Library Computer: The planet (no name is given) fits no known categories. Only a few thousand years old, it is approximately the size of Earth's moon, but it has a mass and atmosphere similar to that of Earth. Earth-type vegetation (albeit poisonous to humans) has developed on the planet. Neither an atmosphere nor vegetation could have evolved in so short a period of time on a natural planet. A sort of plant parasite is the nearest form of [animal] biological life on the surface. There is no evidence of rainfall - thus, the plants get their water from a different source. The planet has no magnetic field and is made up of a basic diburnium-osmium alloy, which could not have occurred naturally. The alloy has a melting point of 8000° C - it looks like igneous rock but is infinitely denser.
     If the Enterprise were to blow up, it would leave a high residual radioactive trace and a high concentration of energy. If the emergency bypass control of the matter/antimatter integrator is fused (something that would take all the power of the main phaser banks to achieve), the integrator will overload and destroy the ship. There is an access tube leading to the matter/antimatter reaction chamber, but it's not designed to be used while the integrator operates, and anyone in there while the integrator is working could be killed. A magnetic probe inserted into the magnetic flow needs to match the flow exactly or the flow will jump and lead to an explosion - the safety control won't hold for more than two seconds. The ship isn't designed to take speeds of warp 11.2 and above for extended time, although warp 14.1 can be achieved without the destruction of the ship.
     The alien named Losira is actually a computer defense system.
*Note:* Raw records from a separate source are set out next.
(* The probe objects (id : Q -> Q) and (0 : Q -> Q) of Arr(A) see the domain,
   resp. codomain, components of squares. *)
Definition dom_probe (Q : pa_ob A) (V : arr A) (q : pa_hom A Q (a_dom V)) :
    sq (Arr (pa_id Q)) V :=
  @Sq A (Arr (pa_id Q)) V q _ (esym (pa_cmp_idr (a_map V ∘ q))).

Definition cod_probe (Q : pa_ob A) (V : arr A) (q : pa_hom A Q (a_cod V)) :
    sq (Arr (0 : pa_hom A Q Q)) V :=
  @Sq A (Arr (0 : pa_hom A Q Q)) V 0 q
    (etrans (pa_cmp0r Q (a_map V)) (esym (pa_cmp0r Q q))).

Section ArrowPullbacks.
Variables (P X Y Z : arr A) (p1 : sq P X) (p2 : sq P Y) (f : sq X Z) (g : sq Y Z).

Lemma arr_pullback_dom :
  is_pullback (C := ArrCat A) p1 p2 f g ->
  is_pullback (C := A) (sq1 p1) (sq1 p2) (sq1 f) (sq1 g).
Proof.
move=> [fg univ]; split; first exact: (congr1 (@sq1 _ _ _) fg).
move=> Q q1 q2 /= e.
have fgq : cmp (c := ArrCat A) f (dom_probe q1) = cmp (c := ArrCat A) g (dom_probe q2).
  apply: sq_ext => //=.
  by rewrite !pa_cmp_assoc -!sq_comm -!pa_cmp_assoc e.
have [u [[u1 u2] uniq]] := univ _ _ _ fgq.
exists (sq1 u); split => [|v [/= v1 v2]].
  by split; [exact: (congr1 (@sq1 _ _ _) u1) | exact: (congr1 (@sq1 _ _ _) u2)].
have -> // : u = dom_probe v.
by apply: uniq; split; apply: sq_ext => //=;
  rewrite pa_cmp_assoc -sq_comm -pa_cmp_assoc ?v1 ?v2.
Qed.

Lemma arr_pullback_cod :
  is_pullback (C := ArrCat A) p1 p2 f g ->
  is_pullback (C := A) (sq0 p1) (sq0 p2) (sq0 f) (sq0 g).
Proof.
move=> [fg univ]; split; first exact: (congr1 (@sq0 _ _ _) fg).
move=> Q q1 q2 /= e.
have fgq : cmp (c := ArrCat A) f (cod_probe q1) = cmp (c := ArrCat A) g (cod_probe q2).
  by apply: sq_ext; rewrite //= !pa_cmp0r.
have [u [[u1 u2] uniq]] := univ _ _ _ fgq.
exists (sq0 u); split => [|v [/= v1 v2]].
  by split; [exact: (congr1 (@sq0 _ _ _) u1) | exact: (congr1 (@sq0 _ _ _) u2)].
have -> // : u = cod_probe v.
by apply: uniq; split; apply: sq_ext; rewrite //= pa_cmp0r.
Qed.

Lemma arr_pullback :
  is_pullback (C := A) (sq1 p1) (sq1 p2) (sq1 f) (sq1 g) ->
  is_pullback (C := A) (sq0 p1) (sq0 p2) (sq0 f) (sq0 g) ->
  is_pullback (C := ArrCat A) p1 p2 f g.
Proof.
move=> pb1 pb0; have [fg1 univ1] := pb1; have [fg0 univ0] := pb0.
split; first exact: sq_ext.
move=> Q q1 q2 e.
have [u1 [[/= u11 u12] uniq1]] := univ1 _ _ _ (congr1 (@sq1 _ _ _) e).
have [u0 [[/= u01 u02] uniq0]] := univ0 _ _ _ (congr1 (@sq0 _ _ _) e).
have u_comm : a_map P ∘ u1 = u0 ∘ a_map Q.
  apply: (pullback_jointly_mono pb0) => /=;
    by rewrite pa_cmp_assoc -sq_comm -pa_cmp_assoc ?u11 ?u12 pa_cmp_assoc
      ?u01 ?u02 sq_comm.
exists (Sq u_comm); split => [|v [v1 v2]]; first by split; apply: sq_ext.
apply: sq_ext => /=; [apply: uniq1 | apply: uniq0]; split;
  by [exact: (congr1 (@sq1 _ _ _) v1) | exact: (congr1 (@sq1 _ _ _) v2)
     | exact: (congr1 (@sq0 _ _ _) v1) | exact: (congr1 (@sq0 _ _ _) v2)].
Qed.

End ArrowPullbacks.

End Preadditive.

Lemma abelian_mono_kernel_cokernel (A : QACat) X Y W (m : pa_hom A X Y)
    (d : pa_hom A Y W) :
  abelian A -> mono (C := A) m -> is_cokernel m d -> is_kernel d m.
Proof.
move=> [monoK _] mmono cokd; have [Z [g gm]] := monoK _ _ m mmono.
exact: kernel_of_cokernel gm cokd.
Qed.
(* Let $T$ be a tree on $n$ leaves and let $S$ be a minimal isolating set of $T$. Consider the forest $F$ obtained from $T$ by removing all edges in $S$. Then each connected component of $F$ contains exactly one leaf of $T$.
   Context: For a tree $T=(V,E)$, a subset $S\subseteq E$ is an isolating set if for any two distinct leaves $u,v$ there is an edge of $S$ on the path connecting $u$ and $v$. It is minimal if no proper subset of $S$ is an isolating set. *)

(* A finite simple graph is a symmetric irreflexive relation
   [e : rel V] on a finite vertex type [V]; edges are 2-element vertex sets. *)
From mathcomp Require Import all_boot.
Set Implicit Arguments. Unset Strict Implicit. Unset Printing Implicit Defensive.

Section Trees.
Variable V : finType.

Definition simple_graph (e : rel V) : Prop := symmetric e /\ irreflexive e.

Definition edges (e : rel V) : {set {set V}} :=
  [set E : {set V} | [exists u, exists v, e u v && (E == [set u; v])]].

Definition has_cycle (e : rel V) : Prop :=
  exists c : seq V, [/\ 3 <= size c, uniq c & cycle e c].

Definition is_tree (e : rel V) : Prop :=
  [/\ simple_graph e, (forall u v, connect e u v) & ~ has_cycle e].

Definition is_leaf (e : rel V) (v : V) : bool := #|[set w | e v w]| == 1.

(* simple path from u to v given as u :: p *)
Definition simple_path (e : rel V) (u v : V) (p : seq V) : bool :=
  [&& path e u p, uniq (u :: p) & last u p == v].

Definition path_meets (S : {set {set V}}) (u : V) (p : seq V) : bool :=
  has (fun xy => [set xy.1; xy.2] \in S) (zip (u :: p) p).

(* S is an isolating set: S is a set of edges, and every path between two
   distinct leaves (in a tree this path is unique) contains an edge of S *)
Definition isolating (e : rel V) (S : {set {set V}}) : Prop :=
  S \subset edges e /\
  forall u v p, is_leaf e u -> is_leaf e v -> u != v ->
    simple_path e u v p -> path_meets S u p.

Definition minimal_isolating (e : rel V) (S : {set {set V}}) : Prop :=
  isolating e S /\ forall S' : {set {set V}}, S' \proper S -> ~ isolating e S'.

Definition remove_edges (e : rel V) (S : {set {set V}}) : rel V :=
  fun u v => e u v && ([set u; v] \notin S).

End Trees.

(* Two distinct leaves in one component of T - S would be joined by a path
   avoiding S, so each component has at most one leaf.  If the component C of
   x had none, then C <> T (trees with two vertices have leaves, e.g. the end of
   a longest path), so some edge ab of S leaves C at a in C.  Putting ab back
   only merges C with the component of b; as C contains no leaf, no two leaves
   get connected, so S minus ab is still isolating, contradicting minimality. *)

From mathcomp Require Import all_boot.
Set Implicit Arguments. Unset Strict Implicit. Unset Printing Implicit Defensive.

Section RemoveEdges.
Variables (V : finType) (e : rel V).

Lemma remove_edges_sym S : symmetric e -> symmetric (remove_edges e S).
Proof. by move=> sym_e u v; rewrite /remove_edges sym_e setUC. Qed.

Lemma path_remove_edges S u p :
  path (remove_edges e S) u p = path e u p && ~~ path_meets S u p.
Proof.
elim: p u => [|y p IHp] u //=.
by rewrite IHp /remove_edges negb_or andbACA.
Qed.

Lemma remove_edgesD1 S s u v :
  remove_edges e (S :\ s) u v = remove_edges e S u v || e u v && ([set u; v] == s).
Proof. by rewrite /remove_edges in_setD1 negb_and negbK andb_orr orbC. Qed.

Lemma connect_cross (P : pred V) x y :
  connect e x y -> P x -> ~~ P y -> exists a b, [/\ P a, ~~ P b & e a b].
Proof.
move=> /connectP[p p_e ->{y}]; elim: p x p_e => [|z p IHp] x //=; first by move=> _ ->.
case/andP=> e_xz p_z Px; case Pz: (P z); first exact: IHp.
by exists x, z; rewrite Pz.
Qed.

End RemoveEdges.

Section ConnectAddEdge.
Variables (V : finType) (F F' : rel V) (a b : V).
Hypothesis sym_F : connect_sym F.
Hypothesis F'_sub : forall u v, F' u v -> F u v || ([set u; v] == [set a; b]).

(* The union of the [F]-components of [a] and [b], which become one component
   once the edge [ab] is added. *)
Let near := [pred z | connect F a z || connect F b z].

Lemma near_connect z z' : near z -> connect F z z' -> near z'.
Proof. by move=> /orP[] c_z c_zz'; rewrite /= (connect_trans c_z c_zz') ?orbT. Qed.

Lemma near_end z : z \in [set a; b] -> near z.
Proof. by rewrite !inE => /orP[] /eqP->; rewrite /= connect0 ?orbT. Qed.

Lemma connect_add_edge_step u w y : F' w y ->
  connect F u w \/ near u && near w -> connect F u y \/ near u && near y.
Proof.
move=> /F'_sub /orP[F_wy | /eqP wy_ab].
  case=> [c_uw | /andP[n_u n_w]]; first by left; exact: connect_trans c_uw (connect1 F_wy).
  by right; rewrite n_u (near_connect n_w (connect1 F_wy)).
have [n_w n_y] : near w /\ near y by rewrite !near_end // -wy_ab !inE eqxx ?orbT.
case=> [c_uw | /andP[n_u _]]; right; rewrite n_y andbT //.
by apply: near_connect n_w _; rewrite sym_F.
Qed.

Lemma connect_add_edge u w : connect F' u w -> connect F u w \/ near u && near w.
Proof.
move=> /connectP[p]; elim/last_ind: p w => [|p y IHp] w; first by move=> _ ->; left.
rewrite rcons_path last_rcons => /andP[p_F' F'_y] ->.
exact: connect_add_edge_step F'_y (IHp _ p_F' erefl).
Qed.

End ConnectAddEdge.

Section Leaves.
Variables (V : finType) (e : rel V).

Lemma isolating_component_leaf S u v : isolating e S ->
  is_leaf e u -> is_leaf e v -> connect (remove_edges e S) u v -> u = v.
Proof.
move=> [_ isoS] leaf_u leaf_v /connectP[p p_F v_last]; subst v.
case: (shortenP p_F) leaf_v => q q_F uniq_q _ leaf_v; apply/eqP/contraT => u_neq.
move: q_F (isoS _ _ q leaf_u leaf_v u_neq); rewrite path_remove_edges.
by case/andP=> q_e /negbTE->; rewrite /simple_path q_e uniq_q eqxx; apply.
Qed.

Lemma acyclic_path_back_edge x p v w : irreflexive e -> ~ has_cycle e ->
  path e x (rcons p v) -> uniq (x :: rcons p v) -> e v w ->
  w \in x :: rcons p v -> w = last x p.
Proof.
move=> irr_e acyc p_e uniq_p e_vw.
have w_neq : w != v by apply: contraTneq e_vw => ->; rewrite irr_e.
rewrite -rcons_cons mem_rcons inE (negbTE w_neq) /= => w_in.
have [q1 [q2 xp_eq]] : exists q1 q2, x :: p = q1 ++ w :: q2.
  by case/splitPr: w_in => q1 q2; exists q1, q2.
case: q2 xp_eq => [|z q2] xp_eq; first by move: (congr1 (last x) xp_eq); rewrite last_cat.
have path_eq : x :: rcons p v = q1 ++ w :: rcons (z :: q2) v.
  by rewrite -rcons_cons xp_eq rcons_cat.
have : sorted e (x :: rcons p v) := p_e.
move: uniq_p; rewrite path_eq sorted_cat_cons cat_uniq => /and3P[_ _ uniq_w] /andP[_ p_w].
case: acyc; exists (w :: rcons (z :: q2) v); split => //; first by rewrite /= size_rcons.
by rewrite /cycle rcons_path p_w last_rcons e_vw.
Qed.

Lemma acyclic_has_leaf x y : symmetric e -> irreflexive e -> ~ has_cycle e ->
  e x y -> exists l, is_leaf e l.
Proof.
move=> sym_e irr_e acyc e_xy.
pose long_path n := [exists x, exists t : n.-tuple V, exists v,
  path e x (rcons t v) && uniq (x :: rcons t v)].
have long_path0 : long_path 0.
  apply/existsP; exists x; apply/existsP; exists [tuple]; apply/existsP; exists y.
  have neq_xy : x != y by apply: contraTneq e_xy => ->; rewrite irr_e.
  by rewrite /= e_xy inE neq_xy.
have long_path_bound n : long_path n -> n <= #|V|.
  rewrite /long_path => /existsP[x' /existsP[t /existsP[v /andP[_ uniq_p]]]].
  apply: leq_trans (leqW (leqnSn n)) _; apply/card_geqP; exists (x' :: rcons t v).
  by rewrite /= size_rcons size_tuple.
case: (ex_maxnP (ex_intro _ 0 long_path0) long_path_bound) => n.
rewrite /long_path => /existsP[u /existsP[t /existsP[v /andP[p_e uniq_p]]]] max_n.
exists v; apply/eqP/(@eq_card1 _ (last u t)) => w; rewrite !inE.
apply/idP/eqP => [e_vw | ->]; last by move: p_e; rewrite rcons_path sym_e => /andP[].
have [|w_out] := boolP (w \in u :: rcons t v); first exact: acyclic_path_back_edge.
suff /max_n : long_path n.+1 by rewrite ltnn.
apply/existsP; exists u; apply/existsP; exists [tuple of rcons t v]; apply/existsP; exists w.
by rewrite rcons_path p_e last_rcons e_vw -rcons_cons rcons_uniq w_out.
Qed.

Lemma connected_has_edge : (forall u v, connect e u v) -> 1 < #|V| ->
  exists x y, e x y.
Proof.
move=> con /card_gt1P[x [y [_ _ neq_xy]]].
have [|a [b [_ _ e_ab]]] := connect_cross (P := pred1 x) (con x y) (eqxx x).
  by rewrite /= eq_sym.
by exists a, b.
Qed.

Lemma isolating_setD1_leafless S a b : symmetric e -> isolating e S ->
  (forall l, is_leaf e l -> ~~ connect (remove_edges e S) a l) ->
  isolating e (S :\ [set a; b]).
Proof.
set F := remove_edges e S => sym_e isoS no_leaf_a.
split; first exact: subset_trans (subsetDl _ _) isoS.1.
move=> u v p leaf_u leaf_v neq_uv /and3P[p_e _ /eqP v_last]; apply: contraT => no_meet.
have sym_F : connect_sym F := sym_connect_sym (remove_edges_sym S sym_e).
have F'_sub w y : remove_edges e (S :\ [set a; b]) w y -> F w y || ([set w; y] == [set a; b]).
  by rewrite remove_edgesD1 -/F => /orP[-> // | /andP[_ ->]]; rewrite orbT.
have c_uv : connect (remove_edges e (S :\ [set a; b])) u v.
  by apply/connectP; exists p; rewrite ?path_remove_edges ?p_e.
case/negP: neq_uv; apply/eqP/(isolating_component_leaf isoS leaf_u leaf_v).
have [//|/andP[near_u near_v]] := connect_add_edge sym_F F'_sub c_uv.
have b_leaf l : is_leaf e l -> connect F a l || connect F b l -> connect F b l.
  by move=> /no_leaf_a/negbTE->.
by apply: connect_trans (b_leaf v leaf_v near_v); rewrite sym_F b_leaf.
Qed.

Lemma minimal_isolating_component_leaf S x : is_tree e -> 1 < #|V| ->
  minimal_isolating e S -> exists2 l, is_leaf e l & connect (remove_edges e S) x l.
Proof.
set F := remove_edges e S => -[[sym_e irr_e] con acyc] V_gt1 [isoS minS].
have [l /andP[leaf_l x_l] | no_leaf] := pickP [pred l | is_leaf e l && connect F x l].
  by exists l.
have [a [b e_ab]] := connected_has_edge con V_gt1.
have [l0 leaf_l0] := acyclic_has_leaf sym_e irr_e acyc e_ab.
have [|a' [b' [x_a' x_b' e_a'b']]] := connect_cross (P := connect F x) (con x l0) (connect0 F x).
  by move: (no_leaf l0); rewrite /= leaf_l0 /= => ->.
have a'b'_S : [set a'; b'] \in S.
  apply: contraNT x_b' => a'b'_S; apply: connect_trans x_a' (connect1 _).
  by rewrite /F /remove_edges e_a'b' a'b'_S.
case: (minS (S :\ [set a'; b'])); first exact: properD1.
apply: isolating_setD1_leafless => // l leaf_l; apply/negP => a'_l.
by move: (no_leaf l); rewrite /= leaf_l (connect_trans x_a' a'_l).
Qed.

End Leaves.

Theorem proposition3 (V : finType) (e : rel V) (n : nat) (S : {set {set V}}) :
  is_tree e -> 2 <= #|V| -> #|[set v | is_leaf e v]| = n ->
  minimal_isolating e S ->
  forall x : V,
    #|[set l | is_leaf e l & connect (remove_edges e S) x l]| = 1.
Proof.
move=> tree_e V_gt1 _ minS x.
have [l leaf_l x_l] := minimal_isolating_component_leaf x tree_e V_gt1 minS.
have [[sym_e _] _ _] := tree_e.
have sym_F := sym_connect_sym (remove_edges_sym S sym_e).
apply: (@eq_card1 _ l) => w; rewrite !inE.
apply/andP/eqP => [[leaf_w x_w] | ->]; last by [].
by apply: (isolating_component_leaf minS.1 leaf_w leaf_l); rewrite (connect_trans _ x_l) // sym_F.
Qed.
She can create a massive cellular disruption, in which every cell appears to be blasted from the inside, which kills people. (No known disease organism can accomplish this.) Losira can only kill a specific person at a time though; she is programmed to match a certain person's cell structure and chromosomes, and she cannot harm someone who does not match. A light touch is enough to wound a person; a longer hold will kill. It's implied that Losira can read minds. She travels via teleportation, which reads on a tricorder as a giant increase and decrease in magnetism and energy, almost as if a door had opened and closed.
     A humanoid race known as the Kalandans built the planet as an outpost. In doing so, they inadvertently created a deadly organism which wiped out the advance party on the outpost (and, McCoy speculates, was transmitted to the rest of the race by a supply ship). [The "deadly organism" is the plant parasite that McCoy discovers - he even says it's "almost a virus".] Before her death, Losira, the commander of the outpost, set the computer to selectively defend the outpost against all non-Kalandans. The computer used the image of Losira for its defense mechanism. The computer is incredibly powerful, able to transport the Enterprise 990.7 light years away (not even a small star going supernova would move the ship that far) and fuse the matter/antimatter integrator's emergency bypass control. The computer itself is vulnerable to a phaser blast. Why the outpost was constructed in the first place remains a mystery.
     A tricorder can be set for automatic distress as a sentry.
     Scotty can sense when the ship "feels" wrong, even when the instruments indicate that everything is operating normally.
     Lt. Sulu was born on Earth.
     Janus VI (from "The Devil in the Dark") receives a name-check.

Final Analysis: "You mean that one of the people who threw us 1000 light years away from that planet is on board and killing people?" A substandard runaround. Although both the Enterprise and the landing party are in trouble, you don't really care about either plot and just wish they'd get on with it. The story takes too long to offer any explanations, and when it finally does, they're incomplete, which gives the episode an unfinished feel. This matched with the generally poor dialogue makes for a fairly tedious, unmemorable adventure. Losira's disappearing effect is pretty cool though.